I see your point and I admit I reacted in a knee-jerk fashion. In general,from editors like You and John Cooley I expect less exaggeration and more real data. The newsletter from EDA companies are already, pretty good at exaggeration!!!

Another comment, which is all marketing and no truth is "The company cites benchmarks that indicate the parallel architecture offers run times that increase in a linear fashion with the size of the design". If the run time scales linearly with design size, that means all of their algorithms that process the design, have linear time-complexity.
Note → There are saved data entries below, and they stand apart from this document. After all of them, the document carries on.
(* Let $q\in\,]0,1[$, $\omega\ge 0$, let $I$ be an interval containing $\omega_0:=\omega/(1-q)$, let $c\in I$, and let $f:I\to\mathbb{R}$ be Hahn symmetric integrable on $I$. Suppose $f(t)\ge 0$ for all $t\in\{\sigma^{2n+1}(c):n\in\mathbb{N}_0\}\cup\{\omega_0\}$. 1. If $c\ge\omega_0$, then $\int_{\omega_0}^c f(t)\,\tilde d_{q,\omega}t\ge 0$. 2. If $c<\omega_0$, then $\int_c^{\omega_0}f(t)\,\tilde d_{q,\omega}t\ge 0$.
   Context: $\sigma(t):=qt+\omega$, $\sigma^{-1}(t):=q^{-1}(t-\omega)$, $\sigma^k$ is the $k$-fold composition of $\sigma$. Hahn symmetric integral: for $x\in I$, $\int_{\omega_0}^x f(t)\,\tilde d_{q,\omega}t:=(\sigma^{-1}(x)-\sigma(x))\sum_{n=0}^\infty q^{2n+1}f(\sigma^{2n+1}(x))$, and for $a,b\in I$, $\int_a^b f\,\tilde d_{q,\omega}t:=\int_{\omega_0}^b f\,\tilde d_{q,\omega}t-\int_{\omega_0}^a f\,\tilde d_{q,\omega}t$, provided the series converge. $f$ is Hahn symmetric integrable on $I$ if these series converge for every point of $I$. *)

From Stdlib Require Import Reals.
From Coquelicot Require Import Coquelicot.
Open Scope R_scope.

Definition sigma (q omega t : R) : R := q * t + omega.
Definition sigma_inv (q omega t : R) : R := / q * (t - omega).
Definition sigma_iter (q omega : R) (k : nat) (t : R) : R :=
  Nat.iter k (sigma q omega) t.

Definition omega0 (q omega : R) : R := omega / (1 - q).

Definition hahn_sym_term (q omega : R) (f : R -> R) (x : R) (n : nat) : R :=
  q ^ (2 * n + 1) * f (sigma_iter q omega (2 * n + 1) x).

(* int_{omega0}^x f(t) ~d_{q,omega} t *)
Definition hahn_sym_int0 (q omega : R) (f : R -> R) (x : R) : R :=
  (sigma_inv q omega x - sigma q omega x) * Series (hahn_sym_term q omega f x).

Definition hahn_sym_int (q omega : R) (f : R -> R) (a b : R) : R :=
  hahn_sym_int0 q omega f b - hahn_sym_int0 q omega f a.

Definition is_interval (I : R -> Prop) : Prop :=
  forall x y z, I x -> I z -> x <= y -> y <= z -> I y.

Definition hahn_sym_integrable (q omega : R) (I : R -> Prop) (f : R -> R) : Prop :=
  forall x, I x -> ex_series (hahn_sym_term q omega f x).

From Pilot Require Import Defs.
From Stdlib Require Import Reals Lra.
From Coquelicot Require Import Coquelicot.
Open Scope R_scope.

(* The step length [sigma_inv x - sigma x] equals [(x - omega0) (1/q - q)], so it
   vanishes at the fixed point [omega0] of [sigma] (the integral based there is 0) and
   has the sign of [x - omega0]; the series factor at [c] has nonnegative terms.
   Each integral is therefore a product of nonnegative factors. *)

Lemma Series_const0 : Series (fun _ : nat => 0) = 0.
Proof.
  transitivity (Series (fun _ : nat => 0 * 1)).
  - apply Series_ext; intros; ring.
  - rewrite Series_scal_l; ring.
Qed.

Lemma Series_nonneg (a : nat -> R) :
  (forall n, 0 <= a n) -> ex_series a -> 0 <= Series a.
Proof.
  intros Ha Hex. rewrite <- Series_const0.
  apply Series_le; [intros n; split; [lra | apply Ha] | exact Hex].
Qed.

Lemma Rinv_sub_self_gt0 (q : R) : 0 < q < 1 -> 0 < / q - q.
Proof.
  intros Hq. assert (1 < / q) by (rewrite <- Rinv_1; apply Rinv_lt_contravar; lra).
  lra.
Qed.

Lemma sigma_inv_sub_sigma (q omega x : R) : 0 < q < 1 ->
  Defs.sigma_inv q omega x - Defs.sigma q omega x = (x - omega0 q omega) * (/ q - q).
Proof.
  intros Hq. unfold Defs.sigma_inv, Defs.sigma, omega0. field. lra.
Qed.

Lemma hahn_sym_int0_omega0 (q omega : R) (f : R -> R) : 0 < q < 1 ->
  hahn_sym_int0 q omega f (omega0 q omega) = 0.
Proof.
  intros Hq. unfold hahn_sym_int0. rewrite sigma_inv_sub_sigma by exact Hq. ring.
Qed.

Lemma Series_hahn_sym_term_nonneg (q omega : R) (f : R -> R) (x : R) :
  0 < q -> (forall n, 0 <= f (sigma_iter q omega (2 * n + 1) x)) ->
  ex_series (hahn_sym_term q omega f x) ->
  0 <= Series (hahn_sym_term q omega f x).
Proof.
  intros Hq Hf Hex. apply Series_nonneg; [intros n | exact Hex].
  apply Rmult_le_pos; [apply pow_le; lra | apply Hf].
Qed.

Theorem corollary2p18 (q omega : R) (I : R -> Prop) (c : R) (f : R -> R) :
  0 < q < 1 -> 0 <= omega ->
  is_interval I -> I (omega0 q omega) -> I c ->
  hahn_sym_integrable q omega I f ->
  (forall n : nat, 0 <= f (sigma_iter q omega (2 * n + 1) c)) ->
  0 <= f (omega0 q omega) ->
  (omega0 q omega <= c -> 0 <= hahn_sym_int q omega f (omega0 q omega) c) /\
  (c < omega0 q omega -> 0 <= hahn_sym_int q omega f c (omega0 q omega)).
Proof.
  intros Hq _ _ _ Hc Hint Hf _.
  pose proof (Rinv_sub_self_gt0 q Hq) as Hstep.
  pose proof (Series_hahn_sym_term_nonneg q omega f c (proj1 Hq) Hf (Hint c Hc)) as HS.
  unfold hahn_sym_int. rewrite hahn_sym_int0_omega0 by exact Hq.
  unfold hahn_sym_int0. rewrite sigma_inv_sub_sigma by exact Hq.
  split; intros Hcw.
  - rewrite Rminus_0_r. apply Rmult_le_pos; [apply Rmult_le_pos |]; lra.
  - rewrite Rminus_0_l, !Ropp_mult_distr_l.
    apply Rmult_le_pos; [apply Rmult_le_pos |]; lra.
Qed.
I am not sure if any EDA algorithm runs in *linear fashion*.

-Developer (who does not work for mentor)



at 7/28/2006 12:51:13 PM, Mr Brightside said:
I disagree... if you look at the global problem for things like placement, etc they are not linear, right. But if you apply a hueristic to it and can linearize it over a small subset, than that is the same thing. Divide and conquer.

Take PNR. If you place a design flat, ya it doesn't grow linearly. But if you partition it and run the partitions in parallel then you can get linear growth by running all partitions in parallel and then just dealing with the corner cases. This is something we've all been doing for years with a hierarchical design style. Taking a chip and PNRing it as a group of spacially diverse blocks greatly speeds up runtime as you don't get hit by the high end "non linear" growth problem.

DRC is the same way, even better, as the interactions are not nearly as nasty as placement... the partitioning is done for you, just do it spacially if you want (or if you are smarter spacially across hierarchy). The only corner cases are halo rules (for example, metal density) at the boundaries.

Yes, at some point you get diminishing returns, but DRC has been shown to be able to scale fairly nicely (see my post at ESNUG) if implemented properly. Ya, it might not scale linearly to 1000 CPU, but if you look at the subset of what people might want to run, then its "damned near linear". Plus, at some point do you want to add 100 more CPUs to go from 30 minutes to 15 minutes?